American corporations put too little effort into protecting American jobs, giving back to the communities in which they operate, and protecting the environment, according to a majority of the 6,500 Americans surveyed in the latest the RoperNOP Corporate Reputation Scorecard. Respondents also said companies fell short when it comes to disclosing important financial information.


The ill-feeling about business appears to go deeper than concern about the business scandals of the past two years.


“The current crisis in corporate reputation may not only reflect the impact of ongoing accounting scandals, but the view that big businesses aren’t meeting the needs of the larger community,” said John Gilfeather, vice chairman of RoperASW and director of the corporate reputation scorecard. “Americans expect more from corporate America than they are getting.”


The Scorecard also asked Americans to describe U.S. corporations using eight personality traits (strong, greedy, arrogant, deceitful, friendly, trustworthy, dull or fun). More than half of adults feel most large U.S. corporations are “greedy” (63 percent) and “arrogant” (52 percent) while less than a third say they are “trustworthy” (27 percent) and “fun” (13 percent).

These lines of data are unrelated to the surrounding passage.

(* Let $t \geq 3$ and let $\Delta$ be a graph on $n$ vertices with exactly $t$ distinct valencies. Then there exists a connected graph on at most $2^{n+2}$ vertices whose adjacency matrix has exactly four distinct eigenvalues, which has at least $t$ distinct valencies, and which contains $\Delta$ as an induced subgraph.
   Context: Graphs are finite, simple and undirected; eigenvalues of a graph are those of its adjacency matrix; valencies are vertex degrees. *)

From HB Require Import structures.
From mathcomp Require Import all_boot all_order all_algebra all_field.
Set Implicit Arguments. Unset Strict Implicit. Unset Printing Implicit Defensive.
Import Order.TTheory GRing.Theory Num.Theory.

Definition simple_graph (T : finType) (e : rel T) : Prop :=
  symmetric e /\ irreflexive e.

Definition valency (T : finType) (e : rel T) (x : T) : nat := #|[set y | e x y]|.

Definition num_valencies (T : finType) (e : rel T) : nat :=
  size (undup [seq valency e x | x <- enum T]).

Definition connected_graph (T : finType) (e : rel T) : Prop :=
  forall x y : T, connect e x y.

Definition adj_mx (m : nat) (e : rel 'I_m) : 'M[algC]_m :=
  \matrix_(i, j) ((e i j)%:R)%R.

Definition num_eigenvalues_eq (m : nat) (e : rel 'I_m) (k : nat) : Prop :=
  exists s : seq algC, [/\ uniq s, size s = k &
    forall a : algC, eigenvalue (adj_mx e) a <-> a \in s].

Definition induced_subgraph (T : finType) (d : rel T) (m : nat) (e : rel 'I_m) : Prop :=
  exists f : T -> 'I_m, injective f /\ forall x y : T, e (f x) (f y) = d x y.

(* Put M := n/2 + 1 and let V be F_2^(2M) with its standard symplectic form B.
   Pivoting on the edges of Delta realises its vertices as distinct nonzero vectors
   phi(a) of V with B(phi a, phi b) = [a ~ b].  Let F be the image of phi and G the
   graph on V with x ~ y iff B(x, y) + [x in F] + [y in F] = 1, i.e. the symplectic
   graph Seidel-switched with respect to F.  Its (+-1)-matrix K = J - 2A is the
   character table of V up to diagonal signs, so K^2 = 4^M I.  For a symmetric 0/1
   matrix with this property, A acts as -K/2 on the vectors orthogonal to the
   all-one vector, giving the eigenvalues +-2^(M-1), and every other eigenvalue is a
   root of a fixed quadratic; when A is not regular this quadratic has two distinct
   roots, distinct from +-2^(M-1), and all four are eigenvalues.  The valency of
   phi(a) in G is 4^M/2 + 2 deg(a) - n, so G induces Delta on F and has at least as
   many valencies; and every vertex of G is within distance 3 of 0. *)

From HB Require Import structures.
From mathcomp Require Import all_boot all_order all_algebra all_field.
From mathcomp Require Import ring zify.
Set Implicit Arguments. Unset Strict Implicit. Unset Printing Implicit Defensive.
Import Order.TTheory GRing.Theory Num.Theory.
(* If $r$ is a nonzero integer and $n$ is a positive integer, then the integer $F_r^2+F_rF_{r-1}-F_{r-1}^2$ divides both \[ F_r^{n+2}L_n+F_{r-1}F_r^{n+1}L_{n+1}+F_rF_{r-1}^{n+1}-2F_{r-1}^{n+2} \quad\text{and}\quad F_r^{n+2}F_n+F_{r-1}F_r^{n+1}F_{n+1}-F_rF_{r-1}^{n+1}. \]
   Context: $F_n$ and $L_n$ denote the Fibonacci and Lucas numbers, defined for all integers $n$ by $F_0=0,F_1=1$, $L_0=2,L_1=1$ and $x_n=x_{n-1}+x_{n-2}$; equivalently $F_n=(\alpha^n-\beta^n)/(\alpha-\beta)$, $L_n=\alpha^n+\beta^n$ with $\alpha=(1+\sqrt5)/2$, $\beta=(1-\sqrt5)/2$. In particular $F_{-n}=(-1)^{n-1}F_n$ and $L_{-n}=(-1)^nL_n$. *)

From Stdlib Require Import ZArith List.
Import ListNotations.
Open Scope Z_scope.

Fixpoint fib_pair (n : nat) : Z * Z :=
  match n with
  | O => (0, 1)
  | S m => let (a, b) := fib_pair m in (b, a + b)
  end.
Definition fibN (n : nat) : Z := fst (fib_pair n).
Definition lucN (n : nat) : Z := 2 * fibN (S n) - fibN n. (* = F_{n-1}+F_{n+1} *)

Definition fib (n : Z) : Z :=
  if 0 <=? n then fibN (Z.to_nat n)
  else (-1) ^ (- n - 1) * fibN (Z.to_nat (- n)).
Definition luc (n : Z) : Z :=
  if 0 <=? n then lucN (Z.to_nat n)
  else (-1) ^ (- n) * lucN (Z.to_nat (- n)).

Example fib_chk : List.map fib (-5 :: -4 :: -1 :: 0 :: 1 :: 2 :: 7 :: nil)%Z = (5 :: -3 :: 1 :: 0 :: 1 :: 1 :: 13 :: nil)%Z.
Proof. reflexivity. Qed.
Example luc_chk : List.map luc (-3 :: -2 :: 0 :: 1 :: 2 :: 3 :: 5 :: nil)%Z = (-4 :: 3 :: 2 :: 1 :: 3 :: 4 :: 11 :: nil)%Z.
Proof. reflexivity. Qed.

From Stdlib Require Import ZArith Lia.
Open Scope Z_scope.

(* Write a, b for F_r, F_(r-1) and D = a^2 + a b - b^2; nothing else is used
   about a and b.  For any sequence x with the
   Fibonacci recurrence, u_m = a^m (a x_m + b x_(m+1)) satisfies
   u_(m+2) = a u_(m+1) + a^2 u_m, and since b^2 = a^2 + a b (mod D) so does b^m
   modulo D.  Hence every combination s u_m - t b^m that is divisible by D for
   m = 0, 1 is divisible by D for all m; both claims are of this form, with
   x = L, (s, t) = (a, 2 b^2 - a b) and x = F, (s, t) = (1, b). *)

Lemma divide_linear_recurrence (d p q : Z) (w : nat -> Z) :
  (d | w 0%nat) -> (d | w 1%nat) ->
  (forall m, (d | w (S (S m)) - p * w (S m) - q * w m)) ->
  forall m, (d | w m).
Proof.
  intros h0 h1 hrec m.
  enough (H : (d | w m) /\ (d | w (S m))) by apply H.
  induction m as [|m [IHm IHSm]]; [split; assumption|].
  split; [assumption|].
  replace (w (S (S m)))
    with ((w (S (S m)) - p * w (S m) - q * w m) + p * w (S m) + q * w m) by ring.
  apply Z.divide_add_r; [apply Z.divide_add_r|]; auto using Z.divide_mul_r.
Qed.

Definition fib_like (x : nat -> Z) : Prop :=
  forall m, x (S (S m)) = x (S m) + x m.

Lemma fib_pair_fibN (m : nat) : fib_pair m = (fibN m, fibN (S m)).
Proof. unfold fibN; simpl. destruct (fib_pair m); reflexivity. Qed.

Lemma fib_like_fibN : fib_like fibN.
Proof. intro m. unfold fibN at 1; simpl. rewrite fib_pair_fibN. simpl. ring. Qed.

Lemma fib_like_lucN : fib_like lucN.
Proof. intro m. unfold lucN. rewrite !fib_like_fibN. ring. Qed.

Lemma pow_of_nat_succ (a : Z) (m : nat) : a ^ Z.of_nat (S m) = a * a ^ Z.of_nat m.
Proof. rewrite Nat2Z.inj_succ, Z.pow_succ_r by lia. reflexivity. Qed.

Section Twist.

Variables a b : Z.

Local Notation D := (a ^ 2 + a * b - b ^ 2).

Definition twist (x : nat -> Z) (m : nat) : Z :=
  a ^ Z.of_nat m * (a * x m + b * x (S m)).

Lemma twist_rec (x : nat -> Z) : fib_like x ->
  forall m, twist x (S (S m)) = a * twist x (S m) + a ^ 2 * twist x m.
Proof.
  intros hx m. unfold twist.
  rewrite !pow_of_nat_succ, !hx. ring.
Qed.

Lemma twist_combination_divide (x : nat -> Z) (s t : Z) : fib_like x ->
  (D | s * twist x 0 - t) -> (D | s * twist x 1 - t * b) ->
  forall m, (D | s * twist x m - t * b ^ Z.of_nat m).
Proof.
  intros hx h0 h1.
  apply (divide_linear_recurrence _ a (a ^ 2)).
  - change (b ^ Z.of_nat 0) with 1. rewrite Z.mul_1_r. exact h0.
  - change (b ^ Z.of_nat 1) with (b ^ 1). rewrite Z.pow_1_r. exact h1.
  - intro m. exists (t * b ^ Z.of_nat m).
    rewrite !twist_rec, !pow_of_nat_succ by assumption. ring.
Qed.

End Twist.

Lemma fib_of_nat (m : nat) : fib (Z.of_nat m) = fibN m.
Proof. unfold fib. rewrite (proj2 (Z.leb_le _ _)) by lia. now rewrite Nat2Z.id. Qed.

Lemma luc_of_nat (m : nat) : luc (Z.of_nat m) = lucN m.
Proof. unfold luc. rewrite (proj2 (Z.leb_le _ _)) by lia. now rewrite Nat2Z.id. Qed.

Lemma luc_combination_divide (a b n : Z) : 0 <= n ->
  (a ^ 2 + a * b - b ^ 2 | a ^ (n + 2) * luc n + b * a ^ (n + 1) * luc (n + 1)
                           + a * b ^ (n + 1) - 2 * b ^ (n + 2)).
Proof.
  intro hn. destruct (Z_of_nat_complete n hn) as [m ->].
  replace (Z.of_nat m + 2) with (Z.of_nat (S (S m))) by lia.
  replace (Z.of_nat m + 1) with (Z.of_nat (S m)) by lia.
  rewrite !luc_of_nat, !pow_of_nat_succ.
  match goal with |- (_ | ?e) =>
    replace e with (a * twist a b lucN m - (2 * b ^ 2 - a * b) * b ^ Z.of_nat m)
      by (unfold twist; ring) end.
  apply twist_combination_divide; [exact fib_like_lucN | |].
  - exists 2. unfold twist, lucN, fibN; cbn [fib_pair fst Z.of_nat]; ring.
  - exists (a + 2 * b). unfold twist, lucN, fibN; cbn [fib_pair fst Z.of_nat]; ring.
Qed.

Lemma fib_combination_divide (a b n : Z) : 0 <= n ->
  (a ^ 2 + a * b - b ^ 2 | a ^ (n + 2) * fib n + b * a ^ (n + 1) * fib (n + 1)
                           - a * b ^ (n + 1)).
Proof.
  intro hn. destruct (Z_of_nat_complete n hn) as [m ->].
  replace (Z.of_nat m + 2) with (Z.of_nat (S (S m))) by lia.
  replace (Z.of_nat m + 1) with (Z.of_nat (S m)) by lia.
  rewrite !fib_of_nat, !pow_of_nat_succ.
  match goal with |- (_ | ?e) =>
    replace e with (a * (1 * twist a b fibN m - b * b ^ Z.of_nat m))
      by (unfold twist; ring) end.
  apply Z.divide_mul_r, twist_combination_divide; [exact fib_like_fibN | |].
  - exists 0. unfold twist, fibN; cbn [fib_pair fst Z.of_nat]; ring.
  - exists 1. unfold twist, fibN; cbn [fib_pair fst Z.of_nat]; ring.
Qed.

Theorem mainTheorem5 (r n : Z) (hr : r <> 0) (hn : 0 < n) :
  let D := fib r ^ 2 + fib r * fib (r - 1) - fib (r - 1) ^ 2 in
  (D | fib r ^ (n + 2) * luc n + fib (r - 1) * fib r ^ (n + 1) * luc (n + 1)
       + fib r * fib (r - 1) ^ (n + 1) - 2 * fib (r - 1) ^ (n + 2)) /\
  (D | fib r ^ (n + 2) * fib n + fib (r - 1) * fib r ^ (n + 1) * fib (n + 1)
       - fib r * fib (r - 1) ^ (n + 1)).
Proof.
  split.
  - apply luc_combination_divide. lia.
  - apply fib_combination_divide. lia.
Qed.
Lemma digitsK m j : j < k ^ m -> nat_of_digits k (digits k m j) = j.
Proof.
elim: m j => [|m IH] j /=; first by rewrite expn0 ltnS leqn0 => /eqP->.
move=> lt_j; rewrite nat_of_digits_rcons IH -?divn_eq //.
by rewrite ltn_divLR // -expnSr.
Qed.

Lemma digits_inj m j j' : j < k ^ m -> j' < k ^ m -> digits k m j = digits k m j' -> j = j'.
Proof. by move=> lt_j lt_j' e; rewrite -(digitsK lt_j) -(digitsK lt_j') e. Qed.

Lemma lexle_digits m j j' : j <= j' -> j' < k ^ m -> lexle (digits k m j) (digits k m j').
Proof.
elim: m j j' => [|m IH] j j' //= le_jj' lt_j'.
have lt_div i : i < k ^ m.+1 -> i %/ k < k ^ m by rewrite ltn_divLR // -expnSr.
have lt_j := leq_ltn_trans le_jj' lt_j'.
rewrite -!cats1 lexle_cat ?size_digits //.
case: eqP => [/(digits_inj (lt_div _ lt_j) (lt_div _ lt_j')) e|_].
  move: le_jj'; rewrite {1}(divn_eq j k) {1}(divn_eq j' k) e leq_add2l.
  by rewrite /= andbT orbC -leq_eqVlt.
exact/IH/lt_div/lt_j'/leq_div2r.
Qed.

Lemma uniq_all_words n : uniq (all_words k n).
Proof.
rewrite map_inj_in_uniq ?iota_uniq // => j j'.
by rewrite !mem_iota !add0n; apply: digits_inj.
Qed.

Lemma sorted_all_words n : sorted lexle (all_words k n).
Proof.
rewrite sorted_map; apply: (@sub_in_sorted _ (fun j => j < k ^ n) ltn).
- by move=> j j' _ lt_j' /ltnW le_jj'; apply: lexle_digits.
- by apply/allP => j; rewrite mem_iota.
exact: iota_ltn_sorted.
Qed.

Lemma mem_all_words n u : (u \in all_words k n) = (size u == n) && word_over k u.
Proof.
apply/mapP/andP => [[j _ ->]|[/eqP <- over_u]]; first by rewrite size_digits digits_over.
by exists (nat_of_digits k u); rewrite ?nat_of_digitsK // mem_iota nat_of_digits_lt.
Qed.

Lemma size_all_words n : size (all_words k n) = k ^ n.
Proof. exact: size_mkseq. Qed.

Lemma nth_all_words n j : j < k ^ n -> nth [::] (all_words k n) j = digits k n j.
Proof. exact: nth_mkseq. Qed.

End Digits.

Lemma uniq_map_inj_in (T1 T2 : eqType) (f : T1 -> T2) s :
  uniq (map f s) -> {in s &, injective f}.
Proof.
elim: s => [|z s IH] //= /andP[fz_notin /IH f_inj] x y.
rewrite !inE => /predU1P[->|xs] /predU1P[->|ys] // e.
- by rewrite e map_f in fz_notin.
- by rewrite -e map_f in fz_notin.
exact: f_inj.
Qed.
Lemma lacing_dichotomy j :
  d j = lacing d \/ (d j = 1 /\ (lacing d = 2 \/ lacing d = 3))%N.
Proof.
case: (boolP [exists a, exists b, (a != b) && (2 <= C a b * C b a)]); last first.
  move=> no_multiple; have d_const v : d v = d j.
    apply: d_const_simply_laced => a b ab; rewrite ltNge.
    apply: contra no_multiple => ab_multiple.
    by apply/existsP; exists a; apply/existsP; exists b; rewrite ab.
  have dj1 : d j = 1%N by apply: common_divisor_d_eq1 => v; rewrite d_const.
  by left; rewrite (lacing_eq (v := j)) // => u; rewrite d_const.
case/existsP => a /existsP [b /andP [ab ab_multiple]].
have Cab_neq0 : C a b != 0 by apply: contraTneq ab_multiple => ->; rewrite mul0r.
have [Cab_lt0 Cba_lt0] := cartan_neg_pair ab Cab_neq0.
have d_ab := d_values_multiple_bond ab Cab_lt0 ab_multiple.
have := cartan_bond_le3 ab; have := d_sym a b; have := d_gt0 a; have := d_gt0 b.
move=> da_gt0 db_gt0 dab ab_le3.
have [[r r23 da]|[r r23 db]] : (exists2 r, (r = 2 \/ r = 3)%N & d a = (r * d b)%N) \/
    (exists2 r, (r = 2 \/ r = 3)%N & d b = (r * d a)%N).
- have : (C a b = -1 /\ (C b a = -2 \/ C b a = -3)) \/
      (C b a = -1 /\ (C a b = -2 \/ C a b = -3)) by nia.
  case=> [[Cab [] Cba]|[Cba [] Cab]]; rewrite Cab Cba in dab;
    [left; exists 2%N|left; exists 3%N|right; exists 2%N|right; exists 3%N]; lia.
- exact: lacing_dichotomy_two_values r23 d_ab da j.
- by apply: lacing_dichotomy_two_values r23 _ db j => v; case: (d_ab v); [right|left].
Qed.

Lemma multiple_bond_short j k : C k j <= -2 ->
  [/\ d k = 1%N, d j = lacing d & (lacing d)%:Z = - C k j].
Proof.
move=> Ckj_le; have kj : k != j by apply: contraTneq Ckj_le => ->; rewrite C_diag.
have Ckj_neq0 : C k j != 0 by lia.
have [_ Cjk_lt0] := cartan_neg_pair kj Ckj_neq0.
have := cartan_bond_le3 kj; have := d_sym k j; have := d_gt0 k.
move=> dk_gt0 dkj le3; have Cjk : C j k = -1 by nia.
have dj_ge : (2 * d k <= d j)%N by rewrite Cjk in dkj; nia.
have := lacing_dichotomy j; have := lacing_dichotomy k; rewrite Cjk in dkj.
by case=> [dk|[dk _]]; case=> [dj|[dj _]]; split; lia.
Qed.
End CartanMatrix.

HB.instance Definition _ (R : realType) (n : nat) (C : 'M[int]_n) (d : 'I_n -> nat)
    (q : R[i]) (j : 'I_n) :=
  GRing.isZmodMorphism.Build (Mon R n) (Mon R n) (Tchari C d q j) (lift_is_additive _).

Section ChariOperators.
Variables (R : realType) (n : nat) (C : 'M[int]_n) (d : 'I_n -> nat) (q : R[i]).
Hypothesis q_neq0 : q != 0.
Local Notation W_laurent := (W_laurent d q).
Local Notation Wm := (Wm d q).
Local Notation T := (Tchari C d q).

Lemma W_laurent0 : W_laurent 0.
Proof. by exists [::]; rewrite big_nil. Qed.

Lemma W_laurentD m1 m2 : W_laurent m1 -> W_laurent m2 -> W_laurent (m1 + m2).
Proof.
case=> [s1 [s1_nz ->]] [s2 [s2_nz ->]].
by exists (s1 ++ s2); rewrite all_cat s1_nz s2_nz big_cat.
Qed.

Lemma W_laurentZ (k : int) m : W_laurent m -> W_laurent (k *: m).
Proof.
case=> s [s_nz ->]; exists [seq (x.1, k * x.2) | x <- s]; rewrite all_map.
by split=> //; rewrite big_map scaler_sumr; apply: eq_bigr => x _; rewrite scalerA.
Qed.

Lemma W_laurentB m1 m2 : W_laurent m1 -> W_laurent m2 -> W_laurent (m1 - m2).
Proof. by move=> Wm1 Wm2; rewrite -scaleN1r; apply/W_laurentD/W_laurentZ. Qed.

Lemma W_laurent_sum (I : Type) (r : seq I) (P : pred I) (F : I -> Mon R n) :
  (forall i, P i -> W_laurent (F i)) -> W_laurent (\sum_(i <- r | P i) F i).
Proof. by move=> W_F; apply: big_ind => //; [exact: W_laurent0|exact: W_laurentD]. Qed.

Lemma W_laurent_Wm j b : b != 0 -> W_laurent (Wm j b).
Proof. by move=> b_neq0; exists [:: (j, b, 1)]; rewrite /= b_neq0 big_seq1 scale1r. Qed.

Lemma Tchari_Ym j k a :
  T j (Ym k a) = if k == j then Ym k a - Am C d q j (a * q ^+ d j) else Ym k a.
Proof. by rewrite /Tchari /Ym liftU scale1r. Qed.

Lemma TchariD j : {morph T j : x y / x + y}.
Proof. exact: raddfD. Qed.

Lemma Tchari_Wm_id j k b : k != j -> T j (Wm k b) = Wm k b.
Proof.
move=> kj; have T_Ym c : T j (Ym k c) = Ym k c by rewrite Tchari_Ym (negPf kj).
rewrite /Defs.Wm; do 3?case: ifP => _; by rewrite ?raddf0 ?TchariD ?T_Ym.
Qed.

Lemma W_laurent_Tchari_of_Wm j :
  (forall k b, b != 0 -> W_laurent (T j (Wm k b))) ->
  forall m, W_laurent m -> W_laurent (T j m).
Proof.
move=> W_TW m [s [s_nz ->]]; rewrite raddf_sum big_seq; apply: W_laurent_sum => x xs.
rewrite -[x.2]intz !scaler_int raddfMz -scaler_int; apply/W_laurentZ/W_TW.
exact: (allP s_nz).
Qed.

Definition Am_neighbour j k c : Mon R n :=
  if C k j == -1 then Ym k c
  else if C k j == -2 then Ym k (c / q) + Ym k (c * q)
  else if C k j == -3 then Ym k (c / q ^+ 2) + Ym k c + Ym k (c * q ^+ 2)
  else 0.

Lemma Am_neighbourE j c : Am C d q j c =
  Ym j (c / q ^+ d j) + Ym j (c * q ^+ d j) - \sum_k Am_neighbour j k c.
Proof.
rewrite /Am; congr (_ - _).
rewrite !(big_mkcond (fun k => C k j == _)) -!big_split /=; apply: eq_bigr => k _.
rewrite /Am_neighbour; case: eqP => [->|_] /=; first by rewrite !addr0.
by case: eqP => [->|_] /=; rewrite ?add0r ?addr0.
Qed.

Lemma Tchari_Ym_self j a : T j (Ym j a) =
  \sum_k Am_neighbour j k (a * q ^+ d j) - Ym j (a * q ^+ d j * q ^+ d j).
Proof.
rewrite Tchari_Ym eqxx Am_neighbourE mulfK ?expf_neq0 //.
by rewrite opprB opprD addrCA addNKr.
Qed.

Hypothesis d_dichotomy :
  forall j, d j = lacing d \/ (d j = 1 /\ (lacing d = 2 \/ lacing d = 3))%N.
Hypothesis d_simple_bond_long :
  forall j k, d j = lacing d -> C k j = -1 -> d k = lacing d.
Hypothesis d_multiple_bond_short : forall j k, C k j <= -2 ->
  [/\ d k = 1%N, d j = lacing d & (lacing d)%:Z = - C k j].
(* A := H :&: K is central in G = HK. Writing g = hpart g * kpart g with
   hpart g in H and kpart g in K, the defect
   w(x,y) = hpart(xy)^-1 hpart(x) hpart(y) lies in A and is a 2-cocycle, so each
   d in Hom(A,D) gives the 2-cocycle d o w of G. On H it is the coboundary of
   -d o kpart, on K that of d o hpart, and it is symmetric on H x K, so its
   class lies in Ker theta'. It is a coboundary exactly when d is a sum of
   restrictions of homomorphisms H -> D and K -> D, i.e. (D being divisible,
   so that homomorphisms extend) when d vanishes on Z = H' :&: K'. Hence
   chi(a) := [d o w], for any extension d of a in Hom(Z,D) to A, is a well
   defined injective homomorphism into Ker theta'. Conversely, for [f] in
   Ker theta' the trivialisations of f on H and on K give commuting
   homomorphic sections over H and K of the central extension of G by D with
   factor set f; their product is a section over G whose failure to be
   multiplicative is a homomorphism of A evaluated at w, so [f] = chi(a). *)

From HB Require Import structures.
From mathcomp Require Import all_boot all_algebra boolp.
From mathcomp Require classical_sets.
From Stdlib Require Import ClassicalEpsilon.
(* Imported after MathComp so that [commg] is the commutator of [Defs]. *)
From Pilot Require Import Defs.
Set Implicit Arguments. Unset Strict Implicit. Unset Printing Implicit Defensive.
Import GRing.Theory.

Declare Scope grp_scope.
Local Notation "x * y" := (gmul x y) : grp_scope.
Local Notation "x ^-1" := (ginv x) : grp_scope.
Local Notation "1" := (gone _) : grp_scope.
Local Open Scope ring_scope.
Local Open Scope grp_scope.

(** * Groups, subgroups and integer powers *)

Section GroupTheory.
Variable G : grp.
Implicit Types (x y z : G) (S T : G -> Prop).

Lemma mulgV x : x * x^-1 = 1.
Proof.
transitivity (x^-1^-1 * ((x^-1 * x) * x^-1)); first by rewrite !gmulA gmulV gmul1.
by rewrite gmulV gmul1 gmulV.
Qed.

Lemma mulg1 x : x * 1 = x.
Proof. by rewrite -(gmulV x) gmulA mulgV gmul1. Qed.

Lemma mulKg x y : x^-1 * (x * y) = y. Proof. by rewrite gmulA gmulV gmul1. Qed.
Lemma mulKVg x y : x * (x^-1 * y) = y. Proof. by rewrite gmulA mulgV gmul1. Qed.
Lemma mulgK x y : x * y * y^-1 = x. Proof. by rewrite -gmulA mulgV mulg1. Qed.
Lemma mulgVK x y : x * y^-1 * y = x. Proof. by rewrite -gmulA gmulV mulg1. Qed.

Lemma mulgI x y z : x * y = x * z -> y = z.
Proof. by move=> e; rewrite -(mulKg x y) e mulKg. Qed.

Lemma mulg1_eq x y : x * y = 1 -> x^-1 = y.
Proof. by move=> e; rewrite -(mulKg x y) e mulg1. Qed.

Lemma invgK x : x^-1^-1 = x.
Proof. by apply: mulg1_eq; rewrite gmulV. Qed.

Lemma invMg x y : (x * y)^-1 = y^-1 * x^-1.
Proof. by apply: mulg1_eq; rewrite gmulA mulgK mulgV. Qed.

Lemma mulgACA x y z t : y * z = z * y -> x * y * (z * t) = x * z * (y * t).
Proof. by move=> yz; rewrite !gmulA -(gmulA x) yz gmulA. Qed.

Section Subgroup.
Variable S : G -> Prop.
Hypothesis hS : is_subgroup S.

Lemma subgroup1 : S 1. Proof. by case: hS. Qed.
Lemma subgroupM x y : S x -> S y -> S (x * y). Proof. by case: hS => _ [+ _]; apply. Qed.
Lemma subgroupV x : S x -> S x^-1. Proof. by case: hS => _ [_]; apply. Qed.

Lemma derived_sub x : derived S x -> S x.
Proof.
elim=> [|a b Sa Sb|a b _ Sa _ Sb|a _ Sa]; rewrite /commg.
- exact: subgroup1.
- by do !apply: subgroupM => //; exact: subgroupV.
- exact: subgroupM.
- exact: subgroupV.
Qed.

End Subgroup.

Lemma derived_subgroup S : is_subgroup (derived S).
Proof. by split; [exact: derived_one | split; [exact: derived_mul | exact: derived_inv]]. Qed.

Lemma subgroupI S T : is_subgroup S -> is_subgroup T ->
  is_subgroup (fun x => S x /\ T x).
Proof.
move=> hS hT; split; first by split; apply: subgroup1.
split=> [x y [Sx Tx] [Sy Ty]|x [Sx Tx]]; split.
- exact: subgroupM.
- exact: subgroupM.
- exact: subgroupV.
- exact: subgroupV.
Qed.

Definition zpow x (j : int) : G :=
  match j with
  | Posz n => iter n (fun y => y * x) 1
  | Negz n => iter n.+1 (fun y => y * x^-1) 1
  end.

Lemma zpow0 x : zpow x 0 = 1. Proof. by []. Qed.
Lemma zpow1 x : zpow x 1 = x. Proof. exact: gmul1. Qed.

Lemma zpowS x j : zpow x (j + 1) = zpow x j * x.
Proof.
case: j => [n|[|n]]; first by rewrite -PoszD addn1.
  by rewrite /= gmul1 gmulV.
have -> : (Negz n.+1 + 1 = Negz n)%R by rewrite !NegzE -(addn1 n.+1) PoszD opprD subrK.
by rewrite /= mulgVK.
Qed.

Lemma zpowSN x j : zpow x (j - 1) = zpow x j * x^-1.
Proof. by rewrite -{2}(subrK 1%R j) zpowS mulgK. Qed.

Lemma zpowD x i j : zpow x (i + j) = zpow x i * zpow x j.
Proof.
elim/int_rec: j => [|n IH|n IH]; first by rewrite addr0 mulg1.
  by rewrite -addn1 PoszD addrA !zpowS IH gmulA.
by rewrite -addn1 PoszD opprD addrA !zpowSN IH gmulA.
Qed.

Lemma zpowN x j : zpow x (- j) = (zpow x j)^-1.
Proof. by apply/esym/mulg1_eq; rewrite -zpowD subrr. Qed.

Lemma zpowM x i j : zpow x (i * j) = zpow (zpow x j) i.
Proof.
elim/int_rec: i => [|n IH|n IH]; first by rewrite mul0r.
  by rewrite -addn1 PoszD mulrDl mul1r zpowS zpowD IH.
by rewrite -addn1 PoszD opprD mulrDl mulN1r zpowSN zpowD IH !zpowN.
Qed.

Lemma subgroup_zpow S x j : is_subgroup S -> S x -> S (zpow x j).
Proof.
move=> hS Sx; elim/int_rec: j => [|n IH|n IH]; first exact: subgroup1.
  by rewrite -addn1 PoszD zpowS; apply: (subgroupM hS).
by rewrite -addn1 PoszD opprD zpowSN; exact: (subgroupM hS IH (subgroupV hS Sx)).
Qed.

End GroupTheory.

The Scorecard also uncovered a disparity among industries with automotive and technology seen as the most “trustworthy” (44 percent and 39 percent respectively) and financial services facing the greatest challenge with only 26 percent using this trait to describe the industry.


“The results indicate a continued distrust in American corporations suggesting that today’s business leaders must take steps to tame the hostile environment,” said Gilfeather.